Now we look the estimated intercept and slope of each climatic cluster The credible intervals reflect uncertainty in the estimation of the slope only.

Code
clim_cluster_names <- subdata$ClimCluster %>% unique %>% sort

lapply(clim_cluster_names, function(clim_cluster_i){
  
  if(clim_cluster_i == "Central Atlantic"){
    term_intercept <- paste0("r_ClimCluster[Central.Atlantic,Intercept]")
    term_slope <- paste0("r_ClimCluster[Central.Atlantic,FieldSite_num]")
  } else {
    term_intercept <- paste0("r_ClimCluster[",clim_cluster_i,",Intercept]")
    term_slope <- paste0("r_ClimCluster[",clim_cluster_i,",FieldSite_num]")
  }
  
  clim_cluster_intercept <- mod_coeff[mod_coeff$term==term_intercept,"estimate"] %>% pull
  clim_cluster_slope <- mod_coeff[mod_coeff$term==term_slope,"estimate"] %>% pull
  clim_cluster_slope_low95 <- mod_coeff[mod_coeff$term==term_slope,"conf.low"] %>% pull
  clim_cluster_slope_high95 <- mod_coeff[mod_coeff$term==term_slope,"conf.high"] %>% pull
  
ggplot(data = subdata) +
  geom_point(aes(x = FieldSite_num, y = y), color="gray") +
  scale_x_continuous(breaks = c(1, 2), 
                     limits = c(0.5, 2.5),
                     labels = c("Glensaugh (FE)", "Yair (FS)")) +  # Set x-axis limits and breaks
  geom_ribbon(aes(x = FieldSite_num, 
                  ymin = global_intercept + global_slope_low95 * FieldSite_num, 
                  ymax = global_intercept + global_slope_high95 * FieldSite_num),  
              inherit.aes = FALSE, 
              fill = "blue", 
              alpha = 0.2) + 
  geom_ribbon(aes(x = FieldSite_num, 
                  ymin = (global_intercept + clim_cluster_intercept) + (global_slope + clim_cluster_slope_low95) * FieldSite_num, 
                  ymax = (global_intercept + clim_cluster_intercept) + (global_slope + clim_cluster_slope_high95) * FieldSite_num),  
              inherit.aes = FALSE, 
              fill = "red", 
              alpha = 0.2) + 
  geom_point(data=subdata %>% filter(subdata$ClimCluster==clim_cluster_i), aes(x=FieldSite_num, y=y), color="red", alpha=0.8) +
  geom_abline(slope = global_slope, 
              intercept = global_intercept, 
              color = "blue", 
              linetype = "dashed", 
              linewidth = 1) +
  geom_abline(slope=(global_slope + clim_cluster_slope) , intercept=(global_intercept + clim_cluster_intercept), color="red", alpha=0.8, linewidth=0.5) +
  scale_color_manual(values=c("red",rep("gray",20))) +
  theme_bw() +
  labs(title = paste0("Climatic cluster: ",clim_cluster_i),
       x = "",
       y = "Tree height (mm)")
})
[[1]]


[[2]]


[[3]]

Main take-home message: As for populations, there is almost not variation in the slope across sites among climatic clusters.

6 RDPI

For that, the first option is to use the two common gardens in which the trees come from a unique nursery, i.e. FS (in which all trees come from NG) and FE (in which all trees come from NE, except four trees that come from NG and that we remove to calculate the RDPI index).

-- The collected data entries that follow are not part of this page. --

(* Let $c\in\mathbb{R}$ and let $\gamma:(c,\infty)\to\mathbb{R}$ be a three times differentiable function such that $$\gamma\ge0,\quad\gamma'\le0,\quad\gamma''\ge0,\quad\gamma'''\le0$$ on $(c,\infty)$. Then the function $f:(-e^{-c},e^{-c})^2\to\mathbb{R}$ given by $$f(x,y)=\begin{cases} -\gamma(\log\frac1x)\cdot(2y-x)-\gamma'(\log\frac1x)\cdot\frac{1}{2x}(x-y)(2x-y), & e^{-c}>x\ge|y|,\ x\ne0,\\ -\gamma(\log(-\frac1x))\cdot(2x-y)-\gamma'(\log(-\frac1x))\cdot\frac32(y-x), & -e^{-c}<x\le-|y|,\ x\ne0,\\ 0, & x=y=0,\\ f(y,x), & \text{in the remaining cases (i.e. } |y|>|x|), \end{cases}$$ is separately convex.
   Context: A function $f$ defined on an open set $U\subset\mathbb{R}^2$ is called separately convex if it is convex on every line segment contained in $U$ that is parallel to a coordinate axis. *)

From Stdlib Require Import Reals Lra.
From Coquelicot Require Import Coquelicot.
Open Scope R_scope.

Definition separately_convex (U : R -> R -> Prop) (f : R -> R -> R) : Prop :=
  forall (p1 p2 q1 q2 : R),
    (p1 = q1 \/ p2 = q2) ->
    (forall t, 0 <= t <= 1 -> U (p1 + t * (q1 - p1)) (p2 + t * (q2 - p2))) ->
    forall t, 0 <= t <= 1 ->
      f (p1 + t * (q1 - p1)) (p2 + t * (q2 - p2))
        <= (1 - t) * f p1 p2 + t * f q1 q2.

Definition square (c : R) (x y : R) : Prop :=
  - exp (- c) < x < exp (- c) /\ - exp (- c) < y < exp (- c).

(* The formula for |y| <= |x| (cases 1, 2, 3 of the paper).  gamma1 stands for gamma'. *)
Definition f_main (gamma gamma1 : R -> R) (x y : R) : R :=
  if Req_EM_T x 0 then 0
  else if Rlt_dec 0 x then
    - gamma (ln (1 / x)) * (2 * y - x)
    - gamma1 (ln (1 / x)) * (1 / (2 * x)) * (x - y) * (2 * x - y)
  else
    - gamma (ln (- (1 / x))) * (2 * x - y)
    - gamma1 (ln (- (1 / x))) * (3 / 2) * (y - x).

Definition f_fun (gamma gamma1 : R -> R) (x y : R) : R :=
  if Rle_dec (Rabs y) (Rabs x) then f_main gamma gamma1 x y
  else f_main gamma gamma1 y x.

From Stdlib Require Import Reals Lra.
From Coquelicot Require Import Coquelicot.
Open Scope R_scope.

(* Fix one coordinate a and look at the slice t |-> f(a,t) on (-e^{-c}, e^{-c}).
   For |t| >= |a| it is one of the two outer branches, whose second derivative
   in t is a combination of -gamma', gamma'', -gamma''' (at log 1/|t|) with
   coefficients that are nonnegative exactly because |a| <= |t|; for |t| <= |a|
   it is the inner branch, a quadratic in t with leading coefficient
   -gamma'/(2a) >= 0 (a > 0) or an affine function (a < 0).  So each piece is
   convex, and the slice is convex as soon as the derivative jumps upwards at
   t = +-|a|, which is checked by evaluating both one-sided derivatives.  For
   a = 0 the two outer branches meet at the origin, where 0 is a subgradient.
   Convexity is handled throughout through the existence of a subgradient at
   every point, which glues well along pieces.  By the symmetry f(x,y) = f(y,x)
   vertical slices reduce to horizontal ones. *)

Definition subgradient_on (h D : R -> R) (J : R -> Prop) : Prop :=
  forall x y, J x -> J y -> h x + D x * (y - x) <= h y.

Definition is_interval (J : R -> Prop) : Prop :=
  forall x y z, J x -> J y -> x <= z <= y -> J z.

Lemma is_interval_between (J : R -> Prop) x y z :
  is_interval J -> J x -> J y -> Rmin x y <= z <= Rmax x y -> J z.
Proof.
  intros HJ Hx Hy. unfold Rmin, Rmax.
  destruct (Rle_dec x y); intros; [apply (HJ x y) | apply (HJ y x)]; auto.
Qed.

Lemma subgradient_on_sub h D (J J' : R -> Prop) :
  (forall x, J' x -> J x) -> subgradient_on h D J -> subgradient_on h D J'.
Proof. intros HJ HS x y Hx Hy; apply HS; auto. Qed.

Lemma subgradient_on_ext h h' D (J : R -> Prop) :
  (forall x, J x -> h x = h' x) -> subgradient_on h D J -> subgradient_on h' D J.
Proof. intros He HS x y Hx Hy; rewrite <- (He x Hx), <- (He y Hy); auto. Qed.

Lemma subgradient_on_le h D (J : R -> Prop) x y :
  subgradient_on h D J -> J x -> J y -> x <= y -> D x <= D y.
Proof.
  intros HS Hx Hy Hxy.
  pose proof (HS x y Hx Hy); pose proof (HS y x Hy Hx).
  destruct (Rle_lt_or_eq_dec x y Hxy) as [Hlt|<-]; nra.
Qed.

Lemma subgradient_on_convex h D (J : R -> Prop) x y t :
  subgradient_on h D J -> J x -> J y -> J (x + t * (y - x)) -> 0 <= t <= 1 ->
  h (x + t * (y - x)) <= (1 - t) * h x + t * h y.
Proof.
  intros HS Hx Hy Hz Ht. set (z := x + t * (y - x)) in *.
  pose proof (HS z x Hz Hx); pose proof (HS z y Hz Hy).
  assert (D z * ((1 - t) * (x - z) + t * (y - z)) = 0) by (unfold z; ring).
  nra.
Qed.

Lemma subgradient_on_glue h D1 D2 (J1 J2 : R -> Prop) w :
  J1 w -> J2 w -> (forall x, J1 x -> x <= w) -> (forall x, J2 x -> w <= x) ->
  subgradient_on h D1 J1 -> subgradient_on h D2 J2 -> D1 w <= D2 w ->
  subgradient_on h (fun x => if Rle_dec x w then D1 x else D2 x)
    (fun x => J1 x \/ J2 x).
Proof.
  intros H1w H2w HJ1 HJ2 S1 S2 Hw x y [Hx|Hx] [Hy|Hy];
    destruct (Rle_dec x w) as [Hxw|Hxw].
  - auto.
  - pose proof (HJ1 x Hx); lra.
  - pose proof (HJ2 y Hy).
    pose proof (S1 x w Hx H1w); pose proof (S2 w y H2w Hy).
    pose proof (subgradient_on_le h D1 J1 x w S1 Hx H1w Hxw). nra.
  - pose proof (HJ1 x Hx); lra.
  - assert (x = w) by (pose proof (HJ2 x Hx); lra). subst x. auto.
  - pose proof (HJ1 y Hy).
    pose proof (S2 x w Hx H2w); pose proof (S1 w y H1w Hy).
    pose proof (subgradient_on_le h D2 J2 w x S2 H2w Hx ltac:(lra)). nra.
  - assert (x = w) by (pose proof (HJ2 x Hx); lra). subst x.
    pose proof (HJ2 y Hy); pose proof (S2 w y H2w Hy). nra.
  - auto.
Qed.

Lemma subgradient_on_glue3 h D1 D2 D3 l u v r :
  l < u -> u <= v -> v < r ->
  subgradient_on h D1 (fun x => l < x <= u) ->
  subgradient_on h D2 (fun x => u <= x <= v) ->
  subgradient_on h D3 (fun x => v <= x < r) ->
  D1 u <= D2 u -> D2 v <= D3 v ->
  exists D, subgradient_on h D (fun x => l < x < r).
Proof.
  intros Hlu Huv Hvr S1 S2 S3 Hu Hv.
  assert (S12 := subgradient_on_glue h D1 D2
    (fun x => l < x <= u) (fun x => u <= x <= v) u
    ltac:(cbv beta; lra) ltac:(cbv beta; lra)
    ltac:(intros; cbv beta in *; lra) ltac:(intros; cbv beta in *; lra)
    S1 S2 Hu).
  assert (S123 := subgradient_on_glue h _ D3
    (fun x => l < x <= u \/ u <= x <= v) (fun x => v <= x < r) v
    ltac:(cbv beta; lra) ltac:(cbv beta; lra)
    ltac:(intros; cbv beta in *; lra) ltac:(intros; cbv beta in *; lra)
    S12 S3).
  eexists. refine (subgradient_on_sub _ _ _ _ _ (S123 _)).
  - intros x Hx. cbv beta. lra.
  - destruct (Rle_dec v u); [|lra].
    replace v with u in * by lra. lra.
Qed.

Lemma subgradient_on_add_point h D (J : R -> Prop) w Dw :
  (forall x, J x -> x <> w) ->
  (forall x, J x -> h w + Dw * (x - w) <= h x /\ h x + D x * (w - x) <= h w) ->
  subgradient_on h D J ->
  subgradient_on h (fun x => if Req_EM_T x w then Dw else D x)
    (fun x => x = w \/ J x).
Proof.
  intros Hne Hw HS x y [->|Hx] [->|Hy].
  - destruct (Req_EM_T w w); lra.
  - destruct (Req_EM_T w w); [apply Hw|]; tauto.
  - destruct (Req_EM_T x w); [exfalso; apply (Hne x); auto|]. apply Hw; auto.
  - destruct (Req_EM_T x w); [exfalso; apply (Hne x); auto|]. auto.
Qed.

Lemma MVT_between P dP x y :
  (forall z, Rmin x y <= z <= Rmax x y -> is_derive P z (dP z)) ->
  exists xi, Rmin x y <= xi <= Rmax x y /\ P y - P x = dP xi * (y - x).
Proof.
  intros Hd. apply MVT_gen.
  - intros z Hz. apply Hd. lra.
  - intros z Hz. apply continuity_pt_filterlim, (ex_derive_continuous P).
    eexists. apply Hd, Hz.
Qed.

Lemma derive_nondecreasing dP d2P (J : R -> Prop) x y :
  is_interval J ->
  (forall z, J z -> is_derive dP z (d2P z)) -> (forall z, J z -> 0 <= d2P z) ->
  J x -> J y -> x <= y -> dP x <= dP y.
Proof.
  intros HJ Hd Hd2 Hx Hy Hxy.
  destruct (MVT_between dP d2P x y) as [xi [Hxi Heq]].
  { intros z Hz. apply Hd, (is_interval_between J x y); auto. }
  pose proof (Hd2 xi (is_interval_between J x y xi HJ Hx Hy Hxi)). nra.
Qed.

Lemma subgradient_on_of_derive2 P dP d2P (J : R -> Prop) :
  is_interval J ->
  (forall x, J x -> is_derive P x (dP x)) ->
  (forall x, J x -> is_derive dP x (d2P x)) -> (forall x, J x -> 0 <= d2P x) ->
  subgradient_on P dP J.
Proof.
  intros HJ Hd Hd' Hd2 x y Hx Hy.
  destruct (MVT_between P dP x y) as [xi [Hxi Heq]].
  { intros z Hz. apply Hd, (is_interval_between J x y); auto. }
  assert (Jxi : J xi) by exact (is_interval_between J x y xi HJ Hx Hy Hxi).
  unfold Rmin, Rmax in Hxi. destruct (Rle_dec x y).
  - pose proof (derive_nondecreasing dP d2P J x xi HJ Hd' Hd2 Hx Jxi ltac:(lra)). nra.
  - pose proof (derive_nondecreasing dP d2P J xi x HJ Hd' Hd2 Jxi Hx ltac:(lra)). nra.
Qed.

Section Slices.

Variables (c : R) (g g1 g2 g3 : R -> R).
Hypothesis Hd1 : forall t, c < t -> is_derive g t (g1 t).
Hypothesis Hd2 : forall t, c < t -> is_derive g1 t (g2 t).
Hypothesis Hd3 : forall t, c < t -> is_derive g2 t (g3 t).
Hypothesis H0 : forall t, c < t -> 0 <= g t.
Hypothesis H1 : forall t, c < t -> g1 t <= 0.
Hypothesis H2 : forall t, c < t -> 0 <= g2 t.
Hypothesis H3 : forall t, c < t -> g3 t <= 0.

So we calculate the RDPI indexes capturing plasticity to environment variation between FS and FE.

Code
rdpi_data <- data %>% filter(!(FieldSite=="FE" & Nursery =="NG")) # we remove the four trees in FE that come from NG
pop_codes <- unique(rdpi_data$PopulationCode) %>% sort() # population codes
site_codes <- c("FE","FS") # field site codes
site_comb <- combn(site_codes,2)
calc_rel_dist <- function(x){abs(x[1]-x[2])/(x[1]+x[2])}

list_traits <- list(heights = rdpi_data %>% dplyr::select(contains("HA"), -contains("13")) %>% colnames(), # height measurements (except 2013)
                    duration_budburst = rdpi_data %>% dplyr::select(contains("BD")) %>% colnames(), # duration of bud burst
                    timing_budburst = rdpi_data %>% dplyr::select(contains("BT")) %>% colnames()) # time taken to reach budburst stages

lapply(list_traits, function(traits) {
  
  lapply(traits, function(trait){

  lapply(pop_codes, function(pop){
  
  subpop <- rdpi_data %>%
    drop_na(any_of(trait)) %>% 
    dplyr::filter(PopulationCode %in% pop)
  
  n_pop <- nrow(subpop) # nb of individuals in the population

 rel_dist <- lapply(1:dim(site_comb)[[2]], function(nb_comb){
 
    subsite1 <- subpop %>% dplyr::filter(FieldSite %in% site_comb[1,nb_comb])
    subsite2 <- subpop %>% dplyr::filter(FieldSite %in% site_comb[2,nb_comb])
    
    
    lapply(1:nrow(subsite1), function(x) {
      
      
      rbind(subsite1[x,trait],subsite2[,trait]) %>% 
        pull() %>% 
        combn(2, calc_rel_dist) %>% 
        .[1:nrow(subsite2)] %>% 
        as.numeric()
      
      }) %>% unlist()
    
    }) %>% unlist()
 
 N <- length(rel_dist)
 
sum(rel_dist)/N
 
 
 }) %>% 
    setNames(pop_codes) %>% 
    as_tibble() %>% 
    pivot_longer(everything(), names_to = "PopulationCode", values_to = "RDPI") %>% 
    mutate(Trait=trait)
  
  }) %>% bind_rows()

  
}) %>% saveRDS(file=here("outputs/ScotsPine/PhenotypicPlasticity/RDPI_based_on_FE_FS.rds"))
Code
list_titles <- list(list("heights","height"),
                    list("duration_budburst","the duration of budburst"),
                    list("timing_budburst","the time taken to reach budburst stages"))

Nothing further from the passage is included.